> _What to do_: Write out, without any change, the lines in the material below that run from the line with "Lemma section_onto L" through the line with "intros [N1 Hu] [N2 Hv] Hle Hc.", both included.

○ ○ ○ ○ ○

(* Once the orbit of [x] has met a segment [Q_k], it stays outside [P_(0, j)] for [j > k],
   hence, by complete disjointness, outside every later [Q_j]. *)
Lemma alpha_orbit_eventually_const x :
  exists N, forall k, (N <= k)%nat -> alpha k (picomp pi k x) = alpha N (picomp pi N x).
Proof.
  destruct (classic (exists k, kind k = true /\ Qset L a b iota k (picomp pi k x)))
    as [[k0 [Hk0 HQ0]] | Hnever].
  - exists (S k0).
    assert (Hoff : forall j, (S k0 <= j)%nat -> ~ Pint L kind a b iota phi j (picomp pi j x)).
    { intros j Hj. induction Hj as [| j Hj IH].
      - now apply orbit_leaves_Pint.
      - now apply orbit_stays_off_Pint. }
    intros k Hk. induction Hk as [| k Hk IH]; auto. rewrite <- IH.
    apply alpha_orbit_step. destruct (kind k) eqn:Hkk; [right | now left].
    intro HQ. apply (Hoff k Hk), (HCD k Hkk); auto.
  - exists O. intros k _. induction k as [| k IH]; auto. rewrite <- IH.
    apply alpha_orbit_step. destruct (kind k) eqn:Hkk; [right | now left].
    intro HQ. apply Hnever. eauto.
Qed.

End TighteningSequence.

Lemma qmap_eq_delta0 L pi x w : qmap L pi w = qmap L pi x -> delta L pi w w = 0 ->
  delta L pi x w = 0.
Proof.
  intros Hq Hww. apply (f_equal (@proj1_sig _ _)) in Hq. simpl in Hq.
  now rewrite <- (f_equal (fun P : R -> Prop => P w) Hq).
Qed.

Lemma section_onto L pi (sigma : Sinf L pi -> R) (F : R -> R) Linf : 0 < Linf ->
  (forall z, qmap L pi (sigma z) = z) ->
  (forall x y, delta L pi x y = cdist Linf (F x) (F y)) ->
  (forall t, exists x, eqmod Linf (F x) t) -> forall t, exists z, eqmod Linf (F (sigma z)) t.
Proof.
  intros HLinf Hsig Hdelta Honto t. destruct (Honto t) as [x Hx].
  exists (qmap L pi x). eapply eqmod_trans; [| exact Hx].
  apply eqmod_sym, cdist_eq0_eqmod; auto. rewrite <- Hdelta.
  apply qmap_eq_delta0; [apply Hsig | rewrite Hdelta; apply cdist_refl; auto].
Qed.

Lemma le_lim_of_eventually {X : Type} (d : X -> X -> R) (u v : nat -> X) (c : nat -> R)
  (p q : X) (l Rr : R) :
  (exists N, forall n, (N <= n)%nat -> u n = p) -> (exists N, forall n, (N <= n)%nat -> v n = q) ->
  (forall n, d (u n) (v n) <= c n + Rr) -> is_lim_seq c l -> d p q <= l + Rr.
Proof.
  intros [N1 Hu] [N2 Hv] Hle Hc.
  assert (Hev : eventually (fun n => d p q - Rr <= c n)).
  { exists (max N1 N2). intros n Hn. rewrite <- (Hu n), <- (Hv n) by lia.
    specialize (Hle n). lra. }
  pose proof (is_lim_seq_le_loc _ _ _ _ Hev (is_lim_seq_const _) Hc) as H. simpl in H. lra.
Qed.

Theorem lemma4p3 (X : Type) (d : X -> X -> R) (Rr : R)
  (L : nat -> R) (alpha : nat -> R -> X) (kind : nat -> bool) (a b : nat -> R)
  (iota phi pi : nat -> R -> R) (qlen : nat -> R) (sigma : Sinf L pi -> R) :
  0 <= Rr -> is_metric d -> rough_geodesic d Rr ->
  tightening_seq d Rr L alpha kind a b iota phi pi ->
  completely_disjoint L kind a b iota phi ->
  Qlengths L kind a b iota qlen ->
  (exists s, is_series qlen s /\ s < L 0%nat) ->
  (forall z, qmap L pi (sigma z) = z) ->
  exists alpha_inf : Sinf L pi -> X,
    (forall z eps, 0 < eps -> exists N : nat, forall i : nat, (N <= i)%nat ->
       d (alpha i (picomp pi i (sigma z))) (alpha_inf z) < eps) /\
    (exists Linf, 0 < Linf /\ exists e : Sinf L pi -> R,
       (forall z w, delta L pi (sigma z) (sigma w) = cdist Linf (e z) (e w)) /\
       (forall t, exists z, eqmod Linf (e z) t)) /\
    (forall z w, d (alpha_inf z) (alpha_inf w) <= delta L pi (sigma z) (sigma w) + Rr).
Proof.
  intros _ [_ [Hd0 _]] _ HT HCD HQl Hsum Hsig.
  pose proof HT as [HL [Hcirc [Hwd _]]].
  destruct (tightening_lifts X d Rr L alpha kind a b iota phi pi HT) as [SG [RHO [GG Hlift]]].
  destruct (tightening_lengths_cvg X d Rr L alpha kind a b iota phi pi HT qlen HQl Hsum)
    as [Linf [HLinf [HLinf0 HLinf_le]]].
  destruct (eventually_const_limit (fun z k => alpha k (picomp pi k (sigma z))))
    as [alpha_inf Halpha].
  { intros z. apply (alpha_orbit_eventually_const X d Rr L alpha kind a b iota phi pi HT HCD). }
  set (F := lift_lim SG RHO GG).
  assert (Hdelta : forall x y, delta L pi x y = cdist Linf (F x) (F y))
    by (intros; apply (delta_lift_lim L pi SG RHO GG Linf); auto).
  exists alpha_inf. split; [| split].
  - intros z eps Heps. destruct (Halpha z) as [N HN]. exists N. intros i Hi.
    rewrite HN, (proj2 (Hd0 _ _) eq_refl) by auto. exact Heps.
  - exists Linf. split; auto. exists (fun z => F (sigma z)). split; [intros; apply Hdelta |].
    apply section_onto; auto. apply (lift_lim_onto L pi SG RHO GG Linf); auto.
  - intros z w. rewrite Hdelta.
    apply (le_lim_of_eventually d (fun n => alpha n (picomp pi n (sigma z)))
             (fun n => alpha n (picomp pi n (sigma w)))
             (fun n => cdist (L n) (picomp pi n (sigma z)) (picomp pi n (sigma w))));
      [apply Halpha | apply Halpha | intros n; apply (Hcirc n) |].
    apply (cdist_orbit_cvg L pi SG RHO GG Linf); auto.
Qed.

○ ○ ○ ○ ○

> _Exercise result_:
Lemma section_onto L pi (sigma : Sinf L pi -> R) (F : R -> R) Linf : 0 < Linf ->
  (forall z, qmap L pi (sigma z) = z) ->
  (forall x y, delta L pi x y = cdist Linf (F x) (F y)) ->
  (forall t, exists x, eqmod Linf (F x) t) -> forall t, exists z, eqmod Linf (F (sigma z)) t.
Proof.
  intros HLinf Hsig Hdelta Honto t. destruct (Honto t) as [x Hx].
  exists (qmap L pi x). eapply eqmod_trans; [| exact Hx].
  apply eqmod_sym, cdist_eq0_eqmod; auto. rewrite <- Hdelta.
  apply qmap_eq_delta0; [apply Hsig | rewrite Hdelta; apply cdist_refl; auto].
Qed.

Lemma le_lim_of_eventually {X : Type} (d : X -> X -> R) (u v : nat -> X) (c : nat -> R)
  (p q : X) (l Rr : R) :
  (exists N, forall n, (N <= n)%nat -> u n = p) -> (exists N, forall n, (N <= n)%nat -> v n = q) ->
  (forall n, d (u n) (v n) <= c n + Rr) -> is_lim_seq c l -> d p q <= l + Rr.
Proof.
  intros [N1 Hu] [N2 Hv] Hle Hc.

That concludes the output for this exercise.